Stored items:
◆ ◆ ◆ ◆

(* [p + q] is [∞] unless [p = q], and [∞] absorbs sums. *)
Lemma flat_add_guard (A : aisr) (p q r r' : A) :
  flat A -> (p = q -> r = r') -> p ⊕ q ⊕ r = p ⊕ q ⊕ r'.
Proof.
  intros [inf [_ Hadd]] Hrr. destruct (classic (p = q)) as [Hpq | Hpq].
  - rewrite (Hrr Hpq). reflexivity.
  - rewrite (Hadd p q Hpq), !(flat_inf_addl A inf Hadd). reflexivity.
Qed.

(* If [y <> z] but [xy = xz], then [xy = x(y + z) = x∞ = ∞]. *)
Lemma flat_mul_guard (A : aisr) (x y z r r' : A) :
  flat A -> (y = z -> r = r') -> x ⊗ y ⊕ x ⊗ z ⊕ r = x ⊗ y ⊕ x ⊗ z ⊕ r'.
Proof.
  intros [inf [Hmul Hadd]] Hrr. destruct (classic (y = z)) as [Hyz | Hyz].
  - rewrite (Hrr Hyz). reflexivity.
  - assert (Hsum : x ⊗ y ⊕ x ⊗ z = inf).
    { destruct (classic (x ⊗ y = x ⊗ z)) as [Heq | Hne]; [| apply Hadd, Hne].
      rewrite <- Heq, sadd_idem, <- (sadd_idem _ (x ⊗ y)).
      rewrite Heq at 2. rewrite <- smul_addl, (Hadd y z Hyz). apply Hmul. }
    rewrite Hsum, !(flat_inf_addl A inf Hadd). reflexivity.
Qed.

Definition env4 (A : aisr) (a b c d : A) : nat -> A :=
  fun n => match n with 0 => a | 1 => b | 2 => c | _ => d end.

(* Each identity has the shape [p + q + r ≈ p + q + r'] of the two guard lemmas. *)
Section FlatIdentities.
Variable A : aisr.
Hypothesis HF : in_F A.

Lemma F_eq_mul_right (x y : A) : x ⊕ x ⊗ y ⊕ x ⊗ y = x ⊕ x ⊗ y ⊕ x ⊗ y ⊗ y.
Proof.
  refine (HF (Add (Add (Var 0) (Mul (Var 0) (Var 1))) (Mul (Var 0) (Var 1)))
             (Add (Add (Var 0) (Mul (Var 0) (Var 1))) (Mul (Mul (Var 0) (Var 1)) (Var 1)))
             _ (env4 A x y x x)).
  intros B HB env. apply flat_add_guard; [exact HB |]. cbn. intros E. rewrite <- E. exact E.
Qed.

Lemma F_cancel_chain (x y z w : A) :
  y ⊗ x ⊕ y ⊗ z ⊕ z ⊗ w = y ⊗ x ⊕ y ⊗ z ⊕ x ⊗ w.
Proof.
  refine (HF (Add (Add (Mul (Var 1) (Var 0)) (Mul (Var 1) (Var 2))) (Mul (Var 2) (Var 3)))
             (Add (Add (Mul (Var 1) (Var 0)) (Mul (Var 1) (Var 2))) (Mul (Var 0) (Var 3)))
             _ (env4 A x y z w)).
  intros B HB env. apply flat_mul_guard; [exact HB |]. cbn. intros ->. reflexivity.
Qed.

Lemma F_cancel_sq (x : A) :
  x ⊗ x ⊕ x ⊗ (x ⊗ x) ⊕ x = x ⊗ x ⊕ x ⊗ (x ⊗ x) ⊕ x ⊗ x.
Proof.
  refine (HF (Add (Add (Mul (Var 0) (Var 0)) (Mul (Var 0) (Mul (Var 0) (Var 0)))) (Var 0))
             (Add (Add (Mul (Var 0) (Var 0)) (Mul (Var 0) (Mul (Var 0) (Var 0))))
                  (Mul (Var 0) (Var 0)))
             _ (env4 A x x x x)).
  intros B HB env. apply flat_mul_guard; [exact HB |]. cbn. intros E. exact E.
Qed.

Lemma F_eq_sq (x z : A) : x ⊕ z ⊗ z ⊕ x ⊗ x = x ⊕ z ⊗ z ⊕ (z ⊗ z) ⊗ (z ⊗ z).
Proof.
  refine (HF (Add (Add (Var 0) (Mul (Var 1) (Var 1))) (Mul (Var 0) (Var 0)))
             (Add (Add (Var 0) (Mul (Var 1) (Var 1)))
                  (Mul (Mul (Var 1) (Var 1)) (Mul (Var 1) (Var 1))))
             _ (env4 A x z x x)).
  intros B HB env. apply flat_add_guard; [exact HB |]. cbn. intros ->. reflexivity.
Qed.

End FlatIdentities.

Record basis_laws (A : aisr) : Prop := {
  mulC : forall a b : A, a ⊗ b = b ⊗ a;
  mul_cube : forall a : A, a ⊗ a ⊗ a = a ⊗ a;
  mul3_sq : forall a b c : A, a ⊗ b ⊗ c = a ⊗ a ⊕ b ⊗ b ⊕ c ⊗ c }.

Lemma basis_laws_sat (A : aisr) :
  basis_laws A <->
  sat A id_cube_l id_cube_r /\ sat A id_comm_l id_comm_r /\ sat A id_3_l id_3_r.
Proof.
  split.
  - intros [HC Hcube H3]. repeat split; intros env; cbn; auto.
  - intros (Hcube & HC & H3). split.
    + intros a b. exact (HC (env4 A a b b b)).
    + intros a. exact (Hcube (env4 A a a a a)).
    + intros a b c. exact (H3 (env4 A a b c c)).
Qed.

Lemma basis_M2 : basis_laws M2.
Proof.
  split; intros; repeat match goal with x : carrier M2 |- _ => destruct x end; reflexivity.
Qed.

Lemma basis_Scab : basis_laws Scab.
Proof.
  split; intros; repeat match goal with x : carrier Scab |- _ => destruct x end; reflexivity.
Qed.

Lemma flat_M2 : flat M2.
Proof.
  exists m2_inf. split.
  - intros x; destruct x; split; reflexivity.
  - intros x y Hxy; destruct x, y; try reflexivity; congruence.
Qed.

Lemma flat_Scab : flat Scab.
Proof.
  exists sc_inf. split.
  - intros x; destruct x; split; reflexivity.
  - intros x y Hxy; destruct x, y; try reflexivity; congruence.
Qed.

Section BasisLaws.
Variable A : aisr.
Hypothesis G : basis_laws A.

Lemma sq_sq (z : A) : (z ⊗ z) ⊗ (z ⊗ z) = z ⊗ z.
Proof. rewrite smul_assoc, !(mul_cube A G). reflexivity. Qed.

Lemma sq_mul (a b : A) : (a ⊗ b) ⊗ (a ⊗ b) = a ⊗ a ⊕ b ⊗ b.
Proof.
  assert (E : (a ⊗ b) ⊗ (a ⊗ b) = (a ⊗ a) ⊗ (b ⊗ b)).
  { rewrite !smul_assoc. f_equal. rewrite (mulC A G (a ⊗ b) a), smul_assoc. reflexivity. }
  rewrite E, (mul3_sq A G), sq_sq, sadd_idem. reflexivity.
Qed.

Hypothesis HF : in_F A.

Lemma add_sq_self (x : A) : x ⊕ x ⊗ x = x ⊗ x.
Proof.
  pose proof (F_cancel_sq A HF x) as E.
  rewrite smul_assoc, (mul_cube A G), !sadd_idem in E.
  rewrite sadd_comm. exact E.
Qed.

Lemma add_sq (x z : A) : x ⊕ z ⊗ z = x ⊗ x ⊕ z ⊗ z.
Proof.
  pose proof (F_eq_sq A HF x z) as E.
  rewrite sq_sq, <- (sadd_assoc _ x (z ⊗ z) (z ⊗ z)), sadd_idem in E.
  rewrite <- E, sadd_swap, add_sq_self. reflexivity.
Qed.

Lemma sle_sq_iff (s z n : A) : z ⊗ z ≼ n -> (s ⊗ s ≼ n <-> s ≼ n).
Proof.
  intros Hz. split; intros Hs.
  - apply sle_trans with (s ⊕ z ⊗ z); [apply sle_addl |].
    rewrite add_sq. apply sle_add_lub; assumption.
  - apply sle_trans with (s ⊕ z ⊗ z); [| apply sle_add_lub; assumption].
    rewrite add_sq. apply sle_addl.
Qed.

Lemma sq_sle_add_mul (x y : A) : x ⊗ x ≼ x ⊕ x ⊗ y.
Proof.
  pose proof (F_eq_mul_right A HF x y) as E.
  rewrite (mul3_sq A G), <- (sadd_assoc _ x), sadd_idem in E.
  rewrite E. eapply sle_trans; [| apply sle_addr].
  eapply sle_trans; apply sle_addl.
Qed.

Lemma mul_sle_chain (x y z w : A) : x ⊗ w ≼ y ⊗ x ⊕ y ⊗ z ⊕ z ⊗ w.
Proof. rewrite F_cancel_chain by exact HF. apply sle_addr. Qed.

End BasisLaws.

Inductive atom : Type := AL (x : nat) | AP (x y : nat).

Definition eval_atom (A : aisr) (env : nat -> A) (t : atom) : A :=
  match t with AL x => env x | AP x y => env x ⊗ env y end.

(* The value at [[]] is junk: the sums of atoms used below are never empty. *)
Fixpoint sum_atoms (A : aisr) (env : nat -> A) (l : list atom) : A :=
  match l with
  | [] => env 0
  | [t] => eval_atom A env t
  | t :: l' => eval_atom A env t ⊕ sum_atoms A env l'
  end.

Section SumAtoms.
Variables (A : aisr) (env : nat -> A).

Lemma sum_atoms_cons (t : atom) (l : list atom) :
  l <> [] -> sum_atoms A env (t :: l) = eval_atom A env t ⊕ sum_atoms A env l.
Proof. destruct l; [congruence | reflexivity]. Qed.

Lemma atom_sle_sum (l : list atom) (t : atom) :
  In t l -> eval_atom A env t ≼ sum_atoms A env l.
Proof.
  induction l as [| s l IH]; [contradiction |].
  intros [<- | Hin]; destruct l as [| s' l]; try contradiction.
  - apply sle_refl.
  - apply sle_addl.
  - eapply sle_trans; [apply IH, Hin | apply sle_addr].
Qed.

Lemma sum_sle (l : list atom) (n : A) :
  l <> [] -> (forall t, In t l -> eval_atom A env t ≼ n) -> sum_atoms A env l ≼ n.
Proof.
  induction l as [| s l IH]; [congruence |]. intros _ Hl.
  destruct l as [| s' l]; [apply Hl; left; reflexivity |].
  rewrite sum_atoms_cons by discriminate.
  apply sle_add_lub; [apply Hl; left; reflexivity |].
  apply IH; [discriminate | intros t Ht; apply Hl; right; exact Ht].
Qed.

Lemma sum_atoms_const (l : list atom) (c : A) :
  l <> [] -> (forall t, In t l -> eval_atom A env t = c) -> sum_atoms A env l = c.
Proof.
  intros Hne Hl. apply sle_antisym.
  - apply sum_sle; [exact Hne |]. intros t Ht. rewrite (Hl t Ht). apply sle_refl.
  - destruct l as [| t l]; [congruence |].
    rewrite <- (Hl t) by (left; reflexivity). apply atom_sle_sum. left; reflexivity.
Qed.

Lemma sum_atoms_app (l m : list atom) :
  l <> [] -> m <> [] -> sum_atoms A env (l ++ m) = sum_atoms A env l ⊕ sum_atoms A env m.
Proof.
  induction l as [| t l IH]; [congruence |]. intros _ Hm.
  destruct l as [| t' l].
  - apply sum_atoms_cons, Hm.
  - rewrite <- app_comm_cons, !sum_atoms_cons, IH, sadd_assoc by (discriminate || auto).
    reflexivity.
Qed.

End SumAtoms.

Definition mul_atoms (s t : atom) : list atom :=
  match s, t with
  | AL x, AL y => [AP x y]
  | AL x, AP y z | AP x y, AL z => [AP x x; AP y y; AP z z]
  | AP x y, AP z w => [AP x x; AP y y; AP z z; AP w w]
  end.

Definition mul_sums (l m : list atom) : list atom :=
  flat_map (fun s => flat_map (mul_atoms s) m) l.

Fixpoint nf (u : term) : list atom :=
  match u with
  | Var n => [AL n]
  | Add u v => nf u ++ nf v
  | Mul u v => mul_sums (nf u) (nf v)
  end.

Lemma flat_map_ne (f : atom -> list atom) (l : list atom) :
  (forall s, f s <> []) -> l <> [] -> flat_map f l <> [].
Proof.
  intros Hf Hl. destruct l as [| s l]; [congruence |]. cbn.
  destruct (f s) eqn:E; [destruct (Hf s E) | discriminate].
Qed.

Lemma mul_atoms_ne (s t : atom) : mul_atoms s t <> [].
Proof. destruct s, t; discriminate. Qed.

Lemma nf_ne (u : term) : nf u <> [].
Proof.
  induction u as [n | u IHu v IHv | u IHu v IHv]; cbn.
  - discriminate.
  - destruct (nf u); [congruence | discriminate].
  - apply flat_map_ne; [| exact IHu]. intros s.
    apply flat_map_ne; [apply mul_atoms_ne | exact IHv].
Qed.

Lemma sum_flat_map (A : aisr) (env : nat -> A) (f : atom -> list atom) (phi : A -> A)
    (l : list atom) :
  (forall a b, phi (a ⊕ b) = phi a ⊕ phi b) -> (forall s, f s <> []) ->
  (forall s, sum_atoms A env (f s) = phi (eval_atom A env s)) -> l <> [] ->
  sum_atoms A env (flat_map f l) = phi (sum_atoms A env l).
Proof.
  intros Hphi Hne Hf. induction l as [| s l IH]; [congruence |]. intros _.
  destruct l as [| s' l].
  - cbn. rewrite app_nil_r. apply Hf.
  - change (flat_map f (s :: s' :: l)) with (f s ++ flat_map f (s' :: l)).
    rewrite sum_atoms_app, IH, (sum_atoms_cons A env s (s' :: l)), Hphi, Hf by
      (discriminate || apply Hne || (apply flat_map_ne; [exact Hne | discriminate])).
    reflexivity.
Qed.

Section NormalForm.
Variable A : aisr.
Hypothesis G : basis_laws A.
Variable env : nat -> A.

Lemma mul_atoms_sound (s t : atom) :
  sum_atoms A env (mul_atoms s t) = eval_atom A env s ⊗ eval_atom A env t.
Proof.
  destruct s as [x | x y], t as [z | z w]; cbn.
  - reflexivity.
  - rewrite smul_assoc, (mul3_sq A G), sadd_assoc. reflexivity.
  - rewrite (mul3_sq A G), sadd_assoc. reflexivity.
  - rewrite (mul3_sq A G), (sq_mul A G), !sadd_assoc. reflexivity.
Qed.

Lemma mul_sums_sound (l m : list atom) :
  l <> [] -> m <> [] ->
  sum_atoms A env (mul_sums l m) = sum_atoms A env l ⊗ sum_atoms A env m.
Proof.
  intros Hl Hm. unfold mul_sums.
  apply (sum_flat_map A env _ (fun a => a ⊗ sum_atoms A env m)); [| | | exact Hl].
  - intros a b. apply smul_addr.
  - intros s. apply flat_map_ne; [apply mul_atoms_ne | exact Hm].
  - intros s. apply (sum_flat_map A env _ (fun b => eval_atom A env s ⊗ b)); [| | | exact Hm].
    + intros a b. apply smul_addl.
    + apply mul_atoms_ne.
    + apply mul_atoms_sound.
Qed.

Lemma nf_sound (u : term) : eval A env u = sum_atoms A env (nf u).
Proof.
  induction u as [n | u IHu v IHv | u IHu v IHv]; cbn [eval nf].
  - reflexivity.
  - rewrite sum_atoms_app by apply nf_ne. congruence.
  - rewrite mul_sums_sound by apply nf_ne. congruence.
Qed.

End NormalForm.

Definition var_of (x : nat) (t : atom) : Prop :=
  match t with AL y => x = y | AP y z => x = y \/ x = z end.

Definition occurs (N : list atom) (x : nat) : Prop := exists s, In s N /\ var_of x s.

Inductive derives (N : list atom) : atom -> Prop :=
| der_in t : In t N -> derives N t
| der_sq_AP z x y : derives N (AP z z) -> occurs N x -> occurs N y -> derives N (AP x y)
| der_sq_AL z x : derives N (AP z z) -> occurs N x -> derives N (AL x)
| der_AL_AP x y : derives N (AL x) -> derives N (AP x y) -> derives N (AP x x)
| der_sym x y : derives N (AP x y) -> derives N (AP y x)
| der_chain x y z w :
    derives N (AP x y) -> derives N (AP y z) -> derives N (AP z w) -> derives N (AP x w).

Section Soundness.
Variable A : aisr.
Hypotheses (HF : in_F A) (G : basis_laws A).
Variables (env : nat -> A) (N : list atom).

Lemma occurs_sq_sle (x z : nat) :
  occurs N x -> env z ⊗ env z ≼ sum_atoms A env N -> env x ⊗ env x ≼ sum_atoms A env N.
Proof.
  intros [s [Hs Hx]] Hz.
  pose proof (proj2 (sle_sq_iff A G HF _ _ _ Hz) (atom_sle_sum A env N s Hs)) as Hss.
  destruct s as [y | y w]; cbn in Hx, Hss.
  - subst. exact Hss.
  - rewrite (sq_mul A G) in Hss.
    destruct Hx; subst; eapply sle_trans; try exact Hss; [apply sle_addl | apply sle_addr].
Qed.

Lemma derives_sound (t : atom) : derives N t -> eval_atom A env t ≼ sum_atoms A env N.
Proof.
  induction 1 as [t Ht | z x y _ IHz Hx Hy | z x _ IHz Hx | x y _ IHx _ IHxy
                 | x y _ IH | x y z w _ IHxy _ IHyz _ IHzw]; cbn in *.
  - apply atom_sle_sum, Ht.
  - apply (sle_sq_iff A G HF _ _ _ IHz). rewrite (sq_mul A G).
    apply sle_add_lub; apply occurs_sq_sle with z; assumption.
  - apply (sle_sq_iff A G HF _ _ _ IHz). apply occurs_sq_sle with z; assumption.
  - eapply sle_trans; [apply (sq_sle_add_mul A G HF _ (env y)) | apply sle_add_lub; assumption].
  - rewrite (mulC A G). exact IH.
  - eapply sle_trans; [apply (mul_sle_chain A HF _ (env y) (env z)) |].
    repeat apply sle_add_lub; try assumption. rewrite (mulC A G). exact IHxy.
Qed.

End Soundness.

Section TwoColouring.
Variables (T : Type) (P : T -> T -> Prop).
Hypotheses (P_sym : forall x y, P x y -> P y x)
           (P_chain : forall x y z w, P x y -> P y z -> P z w -> P x w)
           (P_irrefl : forall x, ~ P x x).

Definition within2 (r v : T) : Prop := r = v \/ P r v \/ exists w, P r w /\ P w v.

◆ ◆ ◆ ◆

**Activity**
Repeat every line of the data word for word until you have repeated the line that contains "Lemma flat_mul_guard (A", which is the last one to include.

**Answer to the problem**
(* [p + q] is [∞] unless [p = q], and [∞] absorbs sums. *)
Lemma flat_add_guard (A : aisr) (p q r r' : A) :
  flat A -> (p = q -> r = r') -> p ⊕ q ⊕ r = p ⊕ q ⊕ r'.
Proof.
  intros [inf [_ Hadd]] Hrr. destruct (classic (p = q)) as [Hpq | Hpq].
  - rewrite (Hrr Hpq). reflexivity.
  - rewrite (Hadd p q Hpq), !(flat_inf_addl A inf Hadd). reflexivity.
Qed.

(* If [y <> z] but [xy = xz], then [xy = x(y + z) = x∞ = ∞]. *)
Lemma flat_mul_guard (A : aisr) (x y z r r' : A) :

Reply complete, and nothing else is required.